### THE TASK
Among the lines of the data, copy those that hold "component".

(Dataset entries)
===

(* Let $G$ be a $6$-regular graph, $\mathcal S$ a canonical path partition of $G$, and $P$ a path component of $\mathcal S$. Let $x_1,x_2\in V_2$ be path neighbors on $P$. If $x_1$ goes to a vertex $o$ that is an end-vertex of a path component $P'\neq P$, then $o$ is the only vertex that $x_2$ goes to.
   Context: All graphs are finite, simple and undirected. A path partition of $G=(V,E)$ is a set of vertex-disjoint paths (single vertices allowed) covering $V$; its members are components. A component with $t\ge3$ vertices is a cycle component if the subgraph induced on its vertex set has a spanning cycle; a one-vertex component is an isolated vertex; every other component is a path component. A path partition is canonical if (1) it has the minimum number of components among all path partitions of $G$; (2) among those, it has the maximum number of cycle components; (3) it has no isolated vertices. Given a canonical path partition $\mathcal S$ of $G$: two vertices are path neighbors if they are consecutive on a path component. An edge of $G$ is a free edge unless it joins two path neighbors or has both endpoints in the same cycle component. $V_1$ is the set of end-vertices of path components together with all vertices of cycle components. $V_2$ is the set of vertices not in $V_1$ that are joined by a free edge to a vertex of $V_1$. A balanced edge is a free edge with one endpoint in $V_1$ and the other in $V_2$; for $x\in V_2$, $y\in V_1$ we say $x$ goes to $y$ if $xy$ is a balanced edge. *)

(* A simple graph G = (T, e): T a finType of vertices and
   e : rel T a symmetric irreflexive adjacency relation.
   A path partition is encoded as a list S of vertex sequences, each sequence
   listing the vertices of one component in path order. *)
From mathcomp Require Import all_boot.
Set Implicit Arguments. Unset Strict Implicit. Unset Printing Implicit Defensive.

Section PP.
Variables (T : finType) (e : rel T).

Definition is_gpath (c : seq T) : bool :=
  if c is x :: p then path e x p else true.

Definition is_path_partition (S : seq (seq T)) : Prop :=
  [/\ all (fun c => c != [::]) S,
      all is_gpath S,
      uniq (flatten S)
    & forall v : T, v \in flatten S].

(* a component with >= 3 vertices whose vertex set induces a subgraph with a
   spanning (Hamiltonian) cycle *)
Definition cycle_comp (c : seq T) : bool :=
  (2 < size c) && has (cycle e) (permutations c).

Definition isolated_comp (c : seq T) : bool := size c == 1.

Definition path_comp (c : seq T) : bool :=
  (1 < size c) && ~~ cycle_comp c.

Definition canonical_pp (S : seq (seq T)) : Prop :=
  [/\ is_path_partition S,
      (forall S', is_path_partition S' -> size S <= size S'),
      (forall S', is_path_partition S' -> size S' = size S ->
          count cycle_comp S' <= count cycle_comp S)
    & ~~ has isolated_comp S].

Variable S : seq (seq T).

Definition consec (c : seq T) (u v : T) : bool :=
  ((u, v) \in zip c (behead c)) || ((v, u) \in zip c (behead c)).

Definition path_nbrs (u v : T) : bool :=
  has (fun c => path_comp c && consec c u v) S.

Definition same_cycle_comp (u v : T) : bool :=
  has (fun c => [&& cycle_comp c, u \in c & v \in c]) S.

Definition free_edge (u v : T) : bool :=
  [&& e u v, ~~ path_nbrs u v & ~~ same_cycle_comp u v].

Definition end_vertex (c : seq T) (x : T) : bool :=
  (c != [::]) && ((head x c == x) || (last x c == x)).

===

### RESULT FOR THIS TASK
(* Let $G$ be a $6$-regular graph, $\mathcal S$ a canonical path partition of $G$, and $P$ a path component of $\mathcal S$. Let $x_1,x_2\in V_2$ be path neighbors on $P$. If $x_1$ goes to a vertex $o$ that is an end-vertex of a path component $P'\neq P$, then $o$ is the only vertex that $x_2$ goes to.
   Context: All graphs are finite, simple and undirected. A path partition of $G=(V,E)$ is a set of vertex-disjoint paths (single vertices allowed) covering $V$; its members are components. A component with $t\ge3$ vertices is a cycle component if the subgraph induced on its vertex set has a spanning cycle; a one-vertex component is an isolated vertex; every other component is a path component. A path partition is canonical if (1) it has the minimum number of components among all path partitions of $G$; (2) among those, it has the maximum number of cycle components; (3) it has no isolated vertices. Given a canonical path partition $\mathcal S$ of $G$: two vertices are path neighbors if they are consecutive on a path component. An edge of $G$ is a free edge unless it joins two path neighbors or has both endpoints in the same cycle component. $V_1$ is the set of end-vertices of path components together with all vertices of cycle components. $V_2$ is the set of vertices not in $V_1$ that are joined by a free edge to a vertex of $V_1$. A balanced edge is a free edge with one endpoint in $V_1$ and the other in $V_2$; for $x\in V_2$, $y\in V_1$ we say $x$ goes to $y$ if $xy$ is a balanced edge. *)
   listing the vertices of one component in path order. *)
(* a component with >= 3 vertices whose vertex set induces a subgraph with a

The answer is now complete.